Through that positive interaction, her father suggested that she teach at Messiah. “He said, ‘If you’re thinking about teaching, I suggest you look at Messiah. It has changed a lot since I was there,’” she said.

Then a position opened up.

“Once I saw the position posted, it was perfect timing, perfect fit,” she said. “As an African-American woman coming to Messiah, the warmth, the hospitality, even in my first semester, I feel I belong and have a sense of ownership in adding to the culture, which is very unique. I get to focus on what I’m called to do. The mission for reconciliation that Messiah has implemented into the culture is an honest representation of who Messiah wants to be and who they are. It’s a great place for students to come learn. We hold just as strongly to our faith as our academics. My work and faith are the perfect combination,” she said.

Inspiring action

Ryan Farris, assistant professor of biomedical engineering, applies engineering principles to address health-related challenges. He is named on more than 20 patents associated with design and control methodologies for medical robotic devices.

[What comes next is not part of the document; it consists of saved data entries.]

Lemma rename_atom_id_on a :
  (forall x, In x (atom_objs a) -> f x = x) -> rename_atom f a = a.
Proof.
  destruct a as [p args]; unfold rename_atom, atom_objs; simpl; intros Hfix.
  f_equal; rewrite <- (map_id args) at 2; apply map_ext_in; intros t Ht.
  destruct t; simpl; auto.
  f_equal; apply Hfix, in_flat_map; exists (OConst o); simpl; auto.
Qed.

Lemma holds_atom_comp_interp_id_on vo vt a :
  (forall x, In x (atom_objs a) -> f x = x) ->
  holds_atom (comp_interp I f) vo vt a <-> holds_atom I vo vt a.
Proof. intros Hfix; rewrite holds_atom_comp_interp, rename_atom_id_on; tauto. Qed.

Lemma sat_rule_comp_interp r :
  (forall x, In x (rule_objs r) -> f x = x) ->
  sat_rule I r -> sat_rule (comp_interp I f) r.
Proof.
  unfold sat_rule, rule_objs; intros Hfix Hr vo vt Hbody.
  apply holds_atom_comp_interp_id_on; [intros; apply Hfix, in_or_app; auto|].
  apply Hr; rewrite Forall_forall in *; intros b Hb.
  apply (holds_atom_comp_interp_id_on vo vt b); auto.
  intros x Hx; apply Hfix, in_or_app; right; apply in_flat_map; eauto.
Qed.

End Renaming.

(* The renamed update enters only as facts, whose truth in [I] is that of the
   original facts in [comp_interp I f]. *)
Lemma entails_rename (P : program) (D U : dataset) (a : atom) (f : object -> object) :
  (forall x, In x (program_objs P ++ dataset_objs D) -> f x = x) ->
  entails (with_data P (D ++ U)) a ->
  entails (with_data P (D ++ map (rename_atom f) U)) (rename_atom f a).
Proof.
  intros Hfix Ha Dom I HM vo vt.
  apply (holds_atom_comp_interp Dom I f); apply Ha.
  unfold model, with_data in *; rewrite !map_app, !Forall_app in *.
  destruct HM as [HP [HD HU]]; rewrite Forall_forall in HP, HD, HU.
  split; [|split]; apply Forall_forall; intros r Hr.
  - apply sat_rule_comp_interp; auto.
    intros x Hx; apply Hfix, in_or_app; left; apply in_flat_map; eauto.
  - apply sat_rule_comp_interp; auto.
    apply in_map_iff in Hr; destruct Hr as [d [<- Hd]].
    unfold rule_objs; simpl; rewrite app_nil_r.
    intros x Hx; apply Hfix, in_or_app; right; apply in_flat_map; eauto.
  - apply in_map_iff in Hr; destruct Hr as [d [<- Hd]].
    intros vo' vt' _; apply (holds_atom_comp_interp Dom I f).
    apply (HU (fact_rule (rename_atom f d))); [now apply in_map, in_map|constructor].
Qed.

Definition avoid_interp (o0 : object) : interp (option object) :=
  mkInterp (option object) (fun o => if Nat.eqb o o0 then None else Some o)
    (fun _ l => ~ In (VObj None) l).

Lemma holds_atom_avoid_interp o0 vo vt a :
  ~ In (OConst o0) (aargs a) ->
  (forall x, In (OVar x) (aargs a) -> vo x <> None) ->
  holds_atom (avoid_interp o0) vo vt a.
Proof.
  intros Hconst Hvar; unfold holds_atom; simpl; intros Hin.
  apply in_map_iff in Hin; destruct Hin as [t [Ht Hin]].
  destruct t; simpl in Ht; try discriminate.
  - destruct (Nat.eqb_spec o o0); [subst; tauto|discriminate].
  - injection Ht; intros; eapply Hvar; eauto.
Qed.

Lemma model_avoid_interp (P : program) (D : dataset) (o0 : object) :
  wf_program P -> is_dataset D ->
  ~ In o0 (program_objs P ++ dataset_objs D) ->
  model (avoid_interp o0) (with_data P D).
Proof.
  intros HP HD Hfresh; unfold model, with_data; apply Forall_app; split.
  - unfold wf_program in HP; rewrite Forall_forall in *; intros r Hr.
    destruct (HP r Hr) as [_ [_ [_ Hsafe]]].
    intros vo vt Hbody; apply holds_atom_avoid_interp.
    + intros Hin; apply Hfresh, in_or_app; left; apply in_flat_map; exists r.
      split; [auto|apply in_or_app; left; apply in_flat_map; exists (OConst o0); simpl; auto].
    + intros x Hx Hnone.
      assert (Hxb : In (true, x) (flat_map atom_vars (rbody r))).
      { apply Hsafe, in_flat_map; exists (OVar x); simpl; auto. }
      apply in_flat_map in Hxb; destruct Hxb as [b [Hb Hxb]].
      apply in_flat_map in Hxb; destruct Hxb as [t [Ht Hxt]].
      rewrite Forall_forall in Hbody; apply (Hbody b Hb), in_map_iff.
      destruct t; simpl in Hxt; try tauto; destruct Hxt as [Hxt|[]]; try discriminate.
      injection Hxt; intros ->; exists (OVar x); simpl; rewrite Hnone; auto.
  - unfold is_dataset in HD; rewrite Forall_forall in *; intros r Hr.
    apply in_map_iff in Hr; destruct Hr as [d [<- Hd]].
    destruct (HD d Hd) as [[_ Hground] _]; rewrite Forall_forall in Hground.
    intros vo vt _; apply holds_atom_avoid_interp.
    + intros Hin; apply Hfresh, in_or_app; right; apply in_flat_map; exists d.
      split; [auto|apply in_flat_map; exists (OConst o0); simpl; auto].
    + intros x Hx; specialize (Hground _ Hx); contradiction.
Qed.

Lemma entails_objs_with_data (P : program) (D : dataset) (a : atom) (o : object) :
  wf_program P -> is_dataset D ->
  entails (with_data P D) a -> In (OConst o) (aargs a) ->
  In o (program_objs P ++ dataset_objs D).
Proof.
  intros HP HD Ha Ho.
  destruct (in_dec Nat.eq_dec o (program_objs P ++ dataset_objs D)) as [|Hfresh]; auto.
  exfalso; apply (Ha _ _ (model_avoid_interp P D o HP HD Hfresh) (fun _ => None) (fun _ => 0)).
  apply in_map_iff; exists (OConst o); simpl; rewrite Nat.eqb_refl; auto.
Qed.

Lemma fact_time_rename f a : fact_time (rename_atom f a) = fact_time a.
Proof.
  unfold fact_time, rename_atom; simpl; rewrite <- map_rev.
  destruct (rev (aargs a)) as [|[] l]; reflexivity.
Qed.

Lemma update_rename (tin : timept) (f : object -> object) (U : dataset) :
  update tin U -> update tin (map (rename_atom f) U).
Proof.
  intros [HU Htime]; split; [unfold is_dataset in *|]; rewrite Forall_map.
  - eapply Forall_impl; [|exact HU]; intros a [[[Hsorted Hrt] Hground] Hedb].
    repeat split; auto; simpl.
    + unfold well_sorted in *; simpl; rewrite map_map, <- Hsorted.
      apply map_ext; now intros [].
    + rewrite Forall_map; eapply Forall_impl; [|exact Hground]; now intros [].
  - eapply Forall_impl; [|exact Htime]; intros a; simpl; now rewrite fact_time_rename.
Qed.

Lemma dataset_objs_rename f U x :
  In x (dataset_objs (map (rename_atom f) U)) -> exists y, x = f y.
Proof.
  unfold dataset_objs; rewrite flat_map_concat_map, map_map, <- flat_map_concat_map.
  intros Hx; apply in_flat_map in Hx; destruct Hx as [a [_ Hx]].
  unfold atom_objs, rename_atom in Hx; simpl in Hx; apply in_flat_map in Hx.
  destruct Hx as [t [Ht Hx]]; apply in_map_iff in Ht; destruct Ht as [[] [<- _]];
    simpl in Hx; try tauto.
  destruct Hx as [<-|[]]; eauto.
Qed.

Definition collapse_outside (C : list object) (o0 : object) (x : object) : object :=
  if in_dec Nat.eq_dec x C then x else o0.

Lemma collapse_outside_id C o0 x : In x C -> collapse_outside C o0 x = x.
Proof. unfold collapse_outside; destruct (in_dec Nat.eq_dec x C); tauto. Qed.

Lemma collapse_outside_in C o0 x : In (collapse_outside C o0 x) (o0 :: C).
Proof. unfold collapse_outside; destruct (in_dec Nat.eq_dec x C); simpl; auto. Qed.

Lemma collapse_outside_fresh_in C o0 x :
  ~ In o0 C -> In (collapse_outside C o0 x) C -> In x C.
Proof. unfold collapse_outside; destruct (in_dec Nat.eq_dec x C); tauto. Qed.

Lemma answer_rename (Q : query) (D U : dataset) (tau : timept) (o : list object)
  (f : object -> object) :
  (forall x, In x (program_objs (qprog Q) ++ dataset_objs D) -> f x = x) ->
  answer Q (D ++ U) tau o -> answer Q (D ++ map (rename_atom f) U) tau (map f o).
Proof.
  intros Hfix [Hlen Ho]; split; [now rewrite length_map|].
  generalize (entails_rename _ _ _ _ f Hfix Ho).
  unfold rename_atom; simpl; now rewrite map_app, !map_map.
Qed.

Lemma answer_objs (Q : query) (D : dataset) (tau : timept) (o : list object) :
  wf_program (qprog Q) -> is_dataset D -> answer Q D tau o ->
  forall x, In x o -> In x (program_objs (qprog Q) ++ dataset_objs D).
Proof.
  intros HP HD [_ Ho] x Hx; apply (entails_objs_with_data _ _ _ _ HP HD Ho); simpl.
  apply in_or_app; left; now apply in_map.
Qed.

Theorem proposition1 (Q : query) (D : dataset) (tin tout : Z)
  (HI : DTP_instance Q D tin tout)
  (oI : object)
  (Hfresh : ~ In oI (program_objs (qprog Q) ++ dataset_objs D)) :
  let C := oI :: (program_objs (qprog Q) ++ dataset_objs D) in
  DTP Q D tin tout <->
  (forall (o : list object) (U : dataset),
     (forall x, In x o -> In x C) ->
     update tin U ->
     (forall x, In x (dataset_objs U) -> In x C) ->
     answer Q (D ++ U) tout o -> answer Q D tout o).
Proof.
  intros C; split; [intros HDTP o U _ HU _; apply (HDTP U HU o)|].
  intros Hsmall U HU o; split; [intros [Hlen Ho]; split; auto; now apply entails_with_data_app|].
  intros HDU.
  destruct HI as [[HP _] [[HD _] _]].
  set (f := collapse_outside (program_objs (qprog Q) ++ dataset_objs D) oI).
  assert (Hfo : answer Q D tout (map f o)).
  { apply Hsmall with (U := map (rename_atom f) U).
    - intros x Hx; apply in_map_iff in Hx; destruct Hx as [y [<- _]]; apply collapse_outside_in.
    - now apply update_rename.
    - intros x Hx; destruct (dataset_objs_rename f U x Hx) as [y ->]; apply collapse_outside_in.
    - apply answer_rename; auto; apply collapse_outside_id. }
  replace o with (map f o); auto.
  rewrite <- (map_id o) at 2; apply map_ext_in; intros x Hx.
  apply collapse_outside_id, (collapse_outside_fresh_in _ oI); auto.
  apply (answer_objs Q D tout (map f o) HP HD Hfo), in_map, Hx.
Qed.
(* Let $\dot x = Ax+\sum_{i=1}^mB_iu_i$, $y_i=C_ix$ be an $n$-dimensional, jointly controllable and jointly observable $m$-channel continuous-time linear system whose neighbor graph is weakly connected. Let nonnegative integers $n_1,\dots,n_m$ be given and let $\{\bar A,\bar B_i,\bar C_i;m\}$ be the extended system with $\bar A=\begin{bmatrix}A&0\\0&0\end{bmatrix}$ ($\bar n\times\bar n$, $\bar n=n+\sum_in_i$), $\bar B_i=\begin{bmatrix}B_i&0\\0&E_i\end{bmatrix}$, $\bar C_i=\begin{bmatrix}C_i&0\\0&E_{\mathcal{N}_i}'\end{bmatrix}$, where $E_i$ is the $(\sum_kn_k)\times n_i$ block column matrix with $I_{n_i}$ as its $i$th block and zeros elsewhere, and $E_{\mathbf{s}}=[E_{i_1}\ \cdots\ E_{i_s}]$ for $\mathbf{s}=\{i_1<\dots<i_s\}$. Suppose $$n_i\ \ge\ n-\min_{\mathbf{s}\subset\{1,\dots,m\},\ \lambda\in\sigma(A)}\mathrm{rank}\begin{bmatrix}\lambda I_n-A & B_{\mathbf{s}}\\ C_{\{1,\dots,m\}-\mathbf{s}}&0\end{bmatrix}\quad\text{for all } i.$$ Then $\{\bar A,\bar B_i,\bar C_i;m\}$ has no fixed spectrum if and only if $\mathcal{N}_{\{1,\dots,m\}-\mathbf{s}}\cap\mathbf{s}\neq\emptyset$ for every subset $\mathbf{s}\subset\{1,\dots,m\}$ for which there is some $\lambda\in\sigma(A)$ with $\mathrm{rank}\begin{bmatrix}\lambda I_n-A&B_{\mathbf{s}}\\C_{\{1,\dots,m\}-\mathbf{s}}&0\end{bmatrix}<n$.
   Context: Jointly controllable: $(A,[B_1\ \cdots\ B_m])$ controllable; jointly observable: $(\mathrm{column}\{C_1,\dots,C_m\},A)$ observable. The neighbor graph is a directed graph on $\{1,\dots,m\}$ with an arc $j\to i$ iff $j$ is a neighbor of $i$; $\mathcal{N}_i$ is the set of neighbors of $i$ including $i$, and $\mathcal{N}_{\mathbf{s}}=\bigcup_{i\in\mathbf{s}}\mathcal{N}_i$. A directed graph is weakly connected if removing self-arcs and replacing arcs by undirected edges yields a connected graph. $B_{\mathbf{s}}=[B_{i_1}\ \cdots\ B_{i_s}]$, $C_{\mathbf{s}}=\mathrm{column}\{C_{i_1},\dots,C_{i_s}\}$ for $\mathbf{s}=\{i_1<\dots<i_s\}$. The fixed spectrum of $\{A,B_i,C_i;m\}$ is the set of eigenvalues of $A+\sum_iB_iF_iC_i$ that do not change as the real matrices $F_i$ range over all values. *)

From HB Require Import structures.
From mathcomp Require Import all_boot all_order all_algebra.
From mathcomp Require Import complex.
From mathcomp Require Import reals.

Set Implicit Arguments.
Unset Strict Implicit.
Unset Printing Implicit Defensive.

Import Order.TTheory GRing.Theory Num.Theory.
Local Open Scope ring_scope.

Definition cmx (R : realType) (p q : nat) (M : 'M[R]_(p, q)) : 'M[R[i]]_(p, q) :=
  map_mx (fun x : R => Complex x 0) M.

Definition spec (R : realType) (n : nat) (A : 'M[R]_n) (lam : R[i]) : Prop :=
  eigenvalue (cmx A) lam.

Definition controllable (R : realType) (n p : nat) (A : 'M[R]_n) (B : 'M[R]_(n, p)) : Prop :=
  \rank (\mxrow_(k < n) (A ^+ k *m B)) = n.

Definition observable (R : realType) (n q : nat) (C : 'M[R]_(q, n)) (A : 'M[R]_n) : Prop :=
  controllable A^T C^T.

Definition Bsel (R : Type) (m n : nat) (p : 'I_m -> nat)
  (B : forall i : 'I_m, 'M[R]_(n, p i)) (s : {set 'I_m}) :
  'M[R]_(n, \sum_(k < #|s|) p (enum_val k)) :=
  \mxrow_(k < #|s|) B (enum_val k).

Definition Csel (R : Type) (m n : nat) (q : 'I_m -> nat)
  (C : forall i : 'I_m, 'M[R]_(q i, n)) (s : {set 'I_m}) :
  'M[R]_(\sum_(k < #|s|) q (enum_val k), n) :=
  \mxcol_(k < #|s|) C (enum_val k).

Definition pbh_rank (R : realType) (m n : nat) (p q : 'I_m -> nat) (A : 'M[R]_n)
  (B : forall i : 'I_m, 'M[R]_(n, p i)) (C : forall i : 'I_m, 'M[R]_(q i, n))
  (s : {set 'I_m}) (lam : R[i]) : nat :=
  \rank (block_mx (lam%:M - cmx A) (cmx (Bsel B s))
                  (cmx (Csel C (~: s))) 0).

Definition fixed_eig (R : realType) (m N : nat) (p q : 'I_m -> nat) (A : 'M[R]_N)
  (B : forall i : 'I_m, 'M[R]_(N, p i)) (C : forall i : 'I_m, 'M[R]_(q i, N))
  (lam : R[i]) : Prop :=
  forall F : forall i : 'I_m, 'M[R]_(p i, q i),
    spec (A + \sum_(i < m) B i *m F i *m C i) lam.

Definition no_fixed_spectrum (R : realType) (m N : nat) (p q : 'I_m -> nat) (A : 'M[R]_N)
  (B : forall i : 'I_m, 'M[R]_(N, p i)) (C : forall i : 'I_m, 'M[R]_(q i, N)) : Prop :=
  ~ exists lam : R[i], fixed_eig A B C lam.

Definition Nset (m : nat) (nbr : 'I_m -> {set 'I_m}) (i : 'I_m) : {set 'I_m} :=
  i |: nbr i.

Definition Nsetof (m : nat) (nbr : 'I_m -> {set 'I_m}) (s : {set 'I_m}) : {set 'I_m} :=
  \bigcup_(i in s) Nset nbr i.

(* neighbor graph: arc j -> i iff j \in nbr i.  Weakly connected: the
   underlying undirected graph (self-loops irrelevant) is connected. *)
Definition weakly_connected (m : nat) (nbr : 'I_m -> {set 'I_m}) : Prop :=
  forall i j : 'I_m,
    connect (fun a b : 'I_m => (b \in nbr a) || (a \in nbr b)) i j.

Definition Eblk (R : pzRingType) (m : nat) (nn : 'I_m -> nat) (i : 'I_m) :
  'M[R]_(\sum_(k < m) nn k, nn i) :=
  \mxcol_(k < m) (\matrix_(a < nn k, b < nn i)
                    ((k == i) && (nat_of_ord a == nat_of_ord b))%:R).
Lemma exchange_cycle e C y q :
  is_cycle E C -> e \in cedges C -> [set y; head y q] \notin cedges C -> y \in C ->
  is_path E (y :: q) -> has [in C] q -> geodesic (y :: q) ->
  exists D, [/\ rooted_cycle E e D, [set y; head y q] \in cedges D & cweight w D <= cweight w C].
Proof.
move=> HC He Hf Hy Hq Hhit Hgeo; case/splitPr: Hy HC He Hf Hhit => X Z HC He Hf Hhit.
have Hperm := perm_cedges_rot X (y :: Z).
have Hmem : X ++ y :: Z =i y :: Z ++ X by move=> v; rewrite -cat_cons !mem_cat orbC.
case/split_find: Hhit Hq Hgeo Hf => c I rest Hc HI Hq Hgeo Hf.
have Hcy : c != y.
  by apply: contraTneq Hq => ->; rewrite /is_path /= mem_cat mem_rcons mem_head.
have [M [N HZX]] : exists M N, Z ++ X = M ++ c :: N.
  have : c \in Z ++ X by move: Hc; rewrite /= Hmem in_cons (negbTE Hcy).
  by move: (Z ++ X) => s /splitPr[M N]; exists M, N.
have HfI : [set y; head y (rcons I c ++ rest)] = [set y; head c I] by case: (I).
have [D [HD HfD HwD]] : exists D, [/\ rooted_cycle E e D, [set y; head c I] \in cedges D
                                    & cweight w D <= cweight w (y :: M ++ c :: N)].
  apply: exchange_arc.
  - by rewrite -HZX -cat_cons -is_cycle_rot.
  - by rewrite -HZX -(perm_mem Hperm).
  - by rewrite -HZX -(perm_mem Hperm) -HfI.
  - exact: (@is_path_prefix _ _ _ _ rest).
  - by rewrite all_predC; apply: contra HI => /hasP[v Hv HvC]; apply/hasP; exists v; rewrite //= Hmem HZX.
  - by apply: (Hgeo [::]); rewrite /= cat_rcons.
exists D; split=> //; first by rewrite HfI.
by apply: (le_trans HwD); rewrite /cweight -HZX (perm_big _ Hperm).
Qed.
End Weights.

Section Ambits.
Variables (V : finType) (E : {set {set V}}) (R : realDomainType) (w : {set V} -> R).
Variables (t1 t2 : V) (Cs : seq (seq V)) (i : nat).
Hypothesis greedy : greedy_seq E w [set t1; t2] Cs.
Hypothesis unamb : unambiguous E w.

Lemma ambit_edge_verts y z : [set y; z] \in ambit_edges Cs i ->
  (y \in ambit_verts Cs i) && (z \in ambit_verts Cs i).
Proof.
rewrite !inE => /hasP [C HC Hin]; case/andP: (mem_cedges Hin) => Hy Hz.
by apply/andP; split; apply/hasP; exists C.
Qed.

Lemma in_ambit_of_edges x r : x \in ambit_verts Cs i ->
  (forall p1 y z p2, x :: r = p1 ++ y :: z :: p2 -> y \in ambit_verts Cs i ->
     [set y; z] \in ambit_edges Cs i) ->
  in_ambit Cs i (x :: r).
Proof.
elim: r x => [|z r IH] x Hx Hedge.
  by split => [v|//]; rewrite mem_seq1 => /eqP ->.
have Hxz := Hedge [::] x z r erefl Hx.
have [IHv IHe] : in_ambit Cs i (z :: r).
  apply: IH => [|p1 y z' p2 Hr]; first by case/andP: (ambit_edge_verts Hxz).
  by apply: (Hedge (x :: p1)); rewrite Hr.
split => [v|e]; first by rewrite in_cons => /orP [/eqP ->|/IHv].
by rewrite pedges_cons2 in_cons => /orP [/eqP ->|/IHe].
Qed.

As a mechanical engineering Ph.D. student at Vanderbilt University, he worked as a graduate research engineer in orthotics. Then the Parker Hannifin Corporation, a global leader in motion and control technology, reached out to the university about partnering on some medical robotics. Soon, Farris was working for them as a technology lead of their newly formed human motion control business.

“It was an engineer’s dream job, the opportunity to build a medical device business,” he said. “I supervised a high-performing team of scientists but also a small enough endeavor to participate in design. You help someone in a wheelchair stand up and give their loved one a hug. You can’t put a price tag on that.”

Why would someone leave all of that for a classroom? Academic and religious freedom.

“In a secular workplace, I found few opportunities to share my faith or even talk about spiritual matters. At Messiah, I am not only allowed but encouraged to bring my faith to work. As an engineer, I need to know that logic and science support what I believe, and this this is all real, historically factual, and something worth betting my whole life on. I get the privilege of thinking through these things with students. Students need to see that not all scientists are atheists,” he said.

To teach his students the lessons he has learned in the medical device industry, he started Messiah Medco, a simulated med tech company with standard operating procedures and employees (aka students).

 “On the first day of ENGR 432 (Design of Medical Devices), I welcome students to Messiah Medco and inform them that they will be forming teams to develop the next line of Class II medical products at Messiah Medco, under formal FDA design controls,” he said. “By the end of the semester, teams have performed market research, intellectual property analysis, concept generation, risk assessment, engineering design, fabrication, and verification and validation activities.

This work results in a functional prototype and an FDA-compliant design history file that could be used to support FDA approval of the product.

At Messiah, he also works on projects in the Collaboratory that he couldn’t work on in industry because they wouldn’t be considered lucrative from a business standpoint despite their potential impact for good in the world.

“The Collaboratory is a magical place where engineering students, professors, external engineers and  clinical professionals work together to address worthy causes with technology. For students, there could be no more valuable way to gain real engineering experience before graduation. For me, it has become an opportunity for continuing research while offering students the opportunity to engage in ways that often become available only to graduate students at other universities,” he said.

Through these amazing professors, students have the opportunity to learn from corporate experts living out their faith. It’s a win-win for all involved.